There was a seismic shift in the AI world recently. In case you didn’t know, a Claude Code update was released just before the Christmas break. It could code awesomely and had a bigger context window, which is sort of like memory and attention span. Scott Cunningham wrote a series of posts demonstrating the power of Claude Code in ways that made economists take notice. Then, ChatGPT Codex was updated and released in January as if to say ‘we are still on the frontier’. The battle between Claude Code and Codex is active as we speak.
The differentiation is becoming clearer, depending on who you talk to. Claude Code feels architectural. It designs a project or system and thrives when you hand it the blueprint and say “Design this properly.” It’s your amazingly productive partner. Codex feels like it’s for the specialist. You tell it exactly what you want. No fluff. No ornamental abstraction unless you request it.
Codex flourishes with prompts like “Refactor this function to eliminate recursion”, or “ Take this response data and apply the Bayesian Dawid-Skene method”. It does exactly that. It assumes competence on your part and does not attempt to decorate the output. It assumes that you know what you’re doing. It’s like your RA that can do amazing things if you tell it what task you want completed. Having said all of this, I’ve heard the inverse evaluations too. It probably matters a lot what the programmer brings to the table.
Both Claude Code and Codex are remarkably adept at catching code and syntax errors. That is not mysterious. Code is valid or invalid. The AI writes something, and the environment immediately reveals whether it conforms to the rules. Truth is embedded in the logical structure. When a single error appears, correction is often trivial.
When multiple errors appear, the problem becomes combinatorial. Fix A? Fix B? Change the type? Modify the loop? There are potentially infinite branching possibilities. Even then, the space is constrained. The code must run, or time out. That constraint disciplines the search. The reason these models code so well is that the code itself is the truth. So long as the logic isn’t violated, the axioms lead to the result. The AI anchors on the code to be internally consistent. The model can triangulate because the target is stable and verifiable.
AI struggles when the anchor disappears
Consider OCR (optical character recognition) of historical documents. My work involves 19th-century census forms—row numbers, names, occupations, disability markers. OCR is our attempt to tag characters or words based on their visual shape. But the shapes are imperfect: smudges, dark spots, ink bleed, faded paper, unusual fonts, cropped scans, resolution noise… These are all ubiquitous and inconveniently random. A “3” can look like an “8” and a stray mark can resemble a “1.” The OCR system produces estimated text. The AI sees only those estimates. It sees the page, but it does not see the underlying true words on the page. That’s by design! If it could understand the true image, then there would be no need for OCR!
If AI doesn’t know the truth, then it cannot know whether it performed well.
Take something simple: the row numbers 1–40 on a historical census form. As humans, we glance at the column and clearly see the numbers one through forty. To us, it feels like direct observation. But the OCR engine is inferring. It might output 1, 2, 3, 8, 5, 6. It might skip a row or duplicate a value. The AI tuning the parameters does not know which entries are wrong. It sees only outputs.
How can AI improve OCR accuracy? What parameter does it change? The possible tweaks are effectively infinite. Without ground truth, there is no anchor. When the search space becomes unbounded and the exceptions become legion, models hesitate. Infinity is not tractable.
We can provide the truth. We can say, “The correct row numbers are 1 through 40.” But then we are supervising the OCR. And if we must supply the answers, we undercut the premise of automation. We can describe the structure: “The numbers are sequential and evenly spaced.” That’s true to our eye, but it’s not literally true down to the pixel.

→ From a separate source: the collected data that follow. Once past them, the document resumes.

(* Let $X$ and $Y$ be random variables with values in $\mathbb{N}=\{1,2,\dots\}$ whose probability mass functions are non-increasing on $\mathbb{N}$. If $X\le_{st}Y$ (i.e. $\Pr(X>t)\le\Pr(Y>t)$ for all $t\in\mathbb{R}$), then $X\le_{wd}Y$.
   Context: For a real random variable $X$, its Lévy concentration function is $Q_X(\varepsilon)=\sup_{x_0\in\mathbb{R}}\Pr\{X\in[x_0,x_0+\varepsilon]\}$, $\varepsilon>0$. For random variables $X,Y$, write $X\le_{wd}Y$ if $Q_X(\varepsilon)\ge Q_Y(\varepsilon)$ for all $\varepsilon>0$. *)

From HB Require Import structures.
From mathcomp Require Import all_boot all_order all_algebra.
From mathcomp Require Import all_classical all_reals all_analysis.
Set Implicit Arguments. Unset Strict Implicit. Unset Printing Implicit Defensive.
Import Order.TTheory GRing.Theory Num.Theory.
Local Open Scope classical_set_scope.
Local Open Scope ring_scope.

Definition levy_conc (d : measure_display) (T : measurableType d) (R : realType)
  (P : probability T R) (X : {RV P >-> R}) (e : R) : \bar R :=
  ereal_sup [set P (X @^-1` `[x0, x0 + e]) | x0 in [set: R]].

Definition pmass (d : measure_display) (T : measurableType d) (R : realType)
  (P : probability T R) (X : {RV P >-> R}) (n : nat) : \bar R :=
  P (X @^-1` [set n%:R]).

From HB Require Import structures.
From mathcomp Require Import all_boot all_order all_algebra.
From mathcomp Require Import all_classical all_reals all_analysis.
From mathcomp Require Import lra.
Set Implicit Arguments. Unset Strict Implicit. Unset Printing Implicit Defensive.
Import Order.TTheory GRing.Theory Num.Theory.
Local Open Scope classical_set_scope.
Local Open Scope ring_scope.

(* For Y with values in {1, 2, ...} and non-increasing mass function the
   concentration function is attained at x0 = 1: moving a window [c, c + e]
   one unit to the right loses the atom c and gains at most the single atom
   in ]c + e, c + e + 1], whose mass is no larger.  Hence
   Q_Y(e) = P(Y <= 1 + e) = 1 - P(Y > 1 + e), and stochastic dominance gives
   Q_Y(e) <= 1 - P(X > 1 + e) = P(X <= 1 + e) <= Q_X(e). *)

Lemma le_measure_setD (d : measure_display) (T : measurableType d)
    (R : realType) (mu : {measure set T -> \bar R}) (A B : set T) :
  measurable A -> measurable B ->
  (mu (A `\` B) <= mu (B `\` A))%E -> (mu A <= mu B)%E.
Proof.
move=> mA mB le_AB_BA.
by rewrite (measureDI mu mA mB) (measureDI mu mB mA) setIC leeD2r.
Qed.

Lemma eq_natr_unit_itv (R : realFieldType) (x : R) (m n : nat) :
  x < m%:R <= x + 1 -> x < n%:R <= x + 1 -> m = n.
Proof.
move=> /andP[xm mx] /andP[xn nx].
have m_lt : m%:R < n.+1%:R :> R by rewrite -natr1; lra.
have n_lt : n%:R < m.+1%:R :> R by rewrite -natr1; lra.
by apply/eqP; rewrite eqn_leq -(ltnS m) -(ltnS n) -!(ltr_nat R) m_lt n_lt.
Qed.

Lemma least_pos_nat_ge (R : realType) (x : R) :
  exists c : nat, [/\ (0 < c)%N, x <= c%:R &
    forall n : nat, (0 < n)%N -> x <= n%:R -> (c <= n)%N].
Proof.
have ex_ge : exists n : nat, (0 < n)%N && (x <= n%:R).
  exists (Num.truncn `|x|).+1; apply/andP; split => //.
  exact/ltW/(le_lt_trans (ler_norm x))/truncnS_gt.
have [c /andP[c_gt0 x_le_c] c_min] := ex_minnP ex_ge.
by exists c; split=> // n n_gt0 x_le_n; apply: c_min; rewrite n_gt0.
Qed.

Lemma le_levy_conc (d : measure_display) (T : measurableType d) (R : realType)
    (P : probability T R) (X : {RV P >-> R}) (e x0 : R) :
  (P (X @^-1` `[x0, (x0 + e)%R]) <= levy_conc X e)%E.
Proof. by apply: ereal_sup_ubound; exists x0. Qed.

Section positive_integer_valued.
Variables (R : realType) (d : measure_display) (T : measurableType d).
Variables (P : probability T R) (Y : {RV P >-> R}).
Hypothesis Y_pos_nat : forall w, exists n : nat, (0 < n)%N /\ Y w = n%:R.

Lemma window_one_setC (e : R) :
  Y @^-1` `[1, 1 + e] = ~` (Y @^-1` `]1 + e, +oo[).
Proof.
apply/seteqP; split => w /=; have [n [n_gt0 ->]] := Y_pos_nat w.
  by rewrite !in_itv /= andbT => /andP[_ n_le]; rewrite ltNge n_le.
by rewrite !in_itv /= andbT ler1n n_gt0 leNgt => /negP.
Qed.

Lemma prob_window_one (e : R) :
  P (Y @^-1` `[1, 1 + e]) = (1 - P (Y @^-1` `](1 + e)%R, +oo[))%E.
Proof. by rewrite window_one_setC probability_setC //; exact: measurable_funPTI. Qed.

Hypothesis pmass_nonincr :
  forall n m : nat, (0 < n)%N -> (n <= m)%N -> (pmass Y m <= pmass Y n)%E.

Variable e : R.
Hypothesis e_ge0 : 0 <= e.

Lemma window_shift (c : nat) : (0 < c)%N ->
  (P (Y @^-1` `[c.+1%:R, (c.+1%:R + e)%R]) <= P (Y @^-1` `[c%:R, (c%:R + e)%R]))%E.
Proof.
move=> c_gt0.
set A := Y @^-1` _; set B := Y @^-1` _.
have mA : measurable A by exact: measurable_funPTI.
have mB : measurable B by exact: measurable_funPTI.
apply: le_measure_setD => //.
have [->|/set0P[w [Aw nBw]]] := eqVneq (A `\` B) set0; first by rewrite measure0.
have [n [_ Yw]] := Y_pos_nat w.
have in_gap w' : (A `\` B) w' -> c%:R + e < Y w' <= c%:R + e + 1.
  rewrite /A /B /= !in_itv /= -natr1 => -[/andP[lo hi]] /negP.
  by rewrite negb_and -!ltNge => /orP[] ?; apply/andP; split; lra.
have AB_atom : A `\` B `<=` Y @^-1` [set n%:R].
  move=> w' ABw'; have [n' [_ Yw']] := Y_pos_nat w'.
  rewrite /= Yw'; congr (_%:R); apply: (@eq_natr_unit_itv R (c%:R + e)).
    by rewrite -Yw'; exact: in_gap.
  by rewrite -Yw; exact: in_gap.
have c_le_n : (c <= n)%N.
  have /andP[lt_cn _] := in_gap w (conj Aw nBw); rewrite Yw in lt_cn.
  by rewrite -(ler_nat R); apply/ltW/(le_lt_trans _ lt_cn); rewrite lerDl.
have atom_BA : Y @^-1` [set c%:R] `<=` B `\` A.
  move=> w' /= Yw'; rewrite /B /A /= Yw' !in_itv /= lexx lerDl e_ge0.
  by split=> //; rewrite ler_nat ltnn.
apply: (le_trans (le_measure _ _ _ AB_atom)); rewrite ?inE //.
  exact: measurableD.
apply: le_trans (pmass_nonincr c_gt0 c_le_n) _.
by apply: le_measure; rewrite ?inE //; exact: measurableD.
Qed.

Lemma window_le_window_one (c : nat) : (0 < c)%N ->
  (P (Y @^-1` `[c%:R, (c%:R + e)%R]) <= P (Y @^-1` `[1%R, (1 + e)%R]))%E.
Proof.
elim: c => [//|[_ _|c IH _]]; first by rewrite mulr1n.
exact: le_trans (window_shift (ltn0Sn c)) (IH (ltn0Sn c)).
Qed.

Lemma levy_conc_eq_window_one : levy_conc Y e = P (Y @^-1` `[1, 1 + e]).
Proof.
apply/le_anti/andP; split; last exact: le_levy_conc.
apply/ereal_supP => _ [x0 _ <-].
have [c [c_gt0 x0_le_c c_min]] := least_pos_nat_ge x0.
apply: le_trans (window_le_window_one c_gt0).
apply: le_measure; rewrite ?inE; try exact: measurable_funPTI.
move=> w /=; have [n [n_gt0 ->]] := Y_pos_nat w; rewrite !in_itv /=.
move=> /andP[x0_le_n n_le]; apply/andP; split.
  by rewrite ler_nat c_min.
by apply: le_trans n_le _; rewrite lerD2r.
Qed.

End positive_integer_valued.

Theorem proposition3p2 (R : realType)
  (d1 : measure_display) (T1 : measurableType d1) (P1 : probability T1 R)
  (d2 : measure_display) (T2 : measurableType d2) (P2 : probability T2 R)
  (X : {RV P1 >-> R}) (Y : {RV P2 >-> R}) :
  (forall w, exists n : nat, (0 < n)%N /\ X w = n%:R) ->
  (forall w, exists n : nat, (0 < n)%N /\ Y w = n%:R) ->
  (forall n m : nat, (0 < n)%N -> (n <= m)%N -> (pmass X m <= pmass X n)%E) ->
  (forall n m : nat, (0 < n)%N -> (n <= m)%N -> (pmass Y m <= pmass Y n)%E) ->
  (forall t : R, (P1 (X @^-1` `]t, +oo[) <= P2 (Y @^-1` `]t, +oo[))%E) ->
  forall e : R, 0 < e -> (levy_conc Y e <= levy_conc X e)%E.
Proof.
move=> X_pos_nat Y_pos_nat _ Y_nonincr X_le_st_Y e e_gt0.
rewrite (levy_conc_eq_window_one Y_pos_nat Y_nonincr (ltW e_gt0)).
apply: le_trans (le_levy_conc X e 1).
rewrite !prob_window_one //.
exact: leeB (lexx _) (X_le_st_Y _).
Qed.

Humans are not as different as we think
When we look at an image or a list of numbers, we feel as though we are seeing something objectively true. In reality, we are inferring the state of the world conditional on our perception and context. We filter noise, interpolate, and impose order to understand what we see. AI does the same thing. The difference is that, in typical coding tasks, it has a highly confident anchor. The syntax rules are stable and errors aren’t debatable. In ambiguous visual or social environments, that anchor disappears. The model struggles to know what is correct and what is merely plausible.
This is the frontier. AI excels where truth is explicit. Some calculation on known values is just an elaborate tautology. It struggles where ambiguity dominates and where the ground truth is hidden behind noisy perception. Given that human life is saturated with social ambiguity like tone, implication, and uncertainty, we retain an advantage for now.
I do not expect that advantage to persist indefinitely. Vision models are improving. The dividing line between humans and AI is still visible. When there is a clear anchor to truth, AI dominates. When truth must be inferred without a human oracle, its performance degrades.
This is where the performance inequality is. It’s between our skills that have been constantly honed by a lifetime of unclear facts and the AI skills of logic that requires true premises.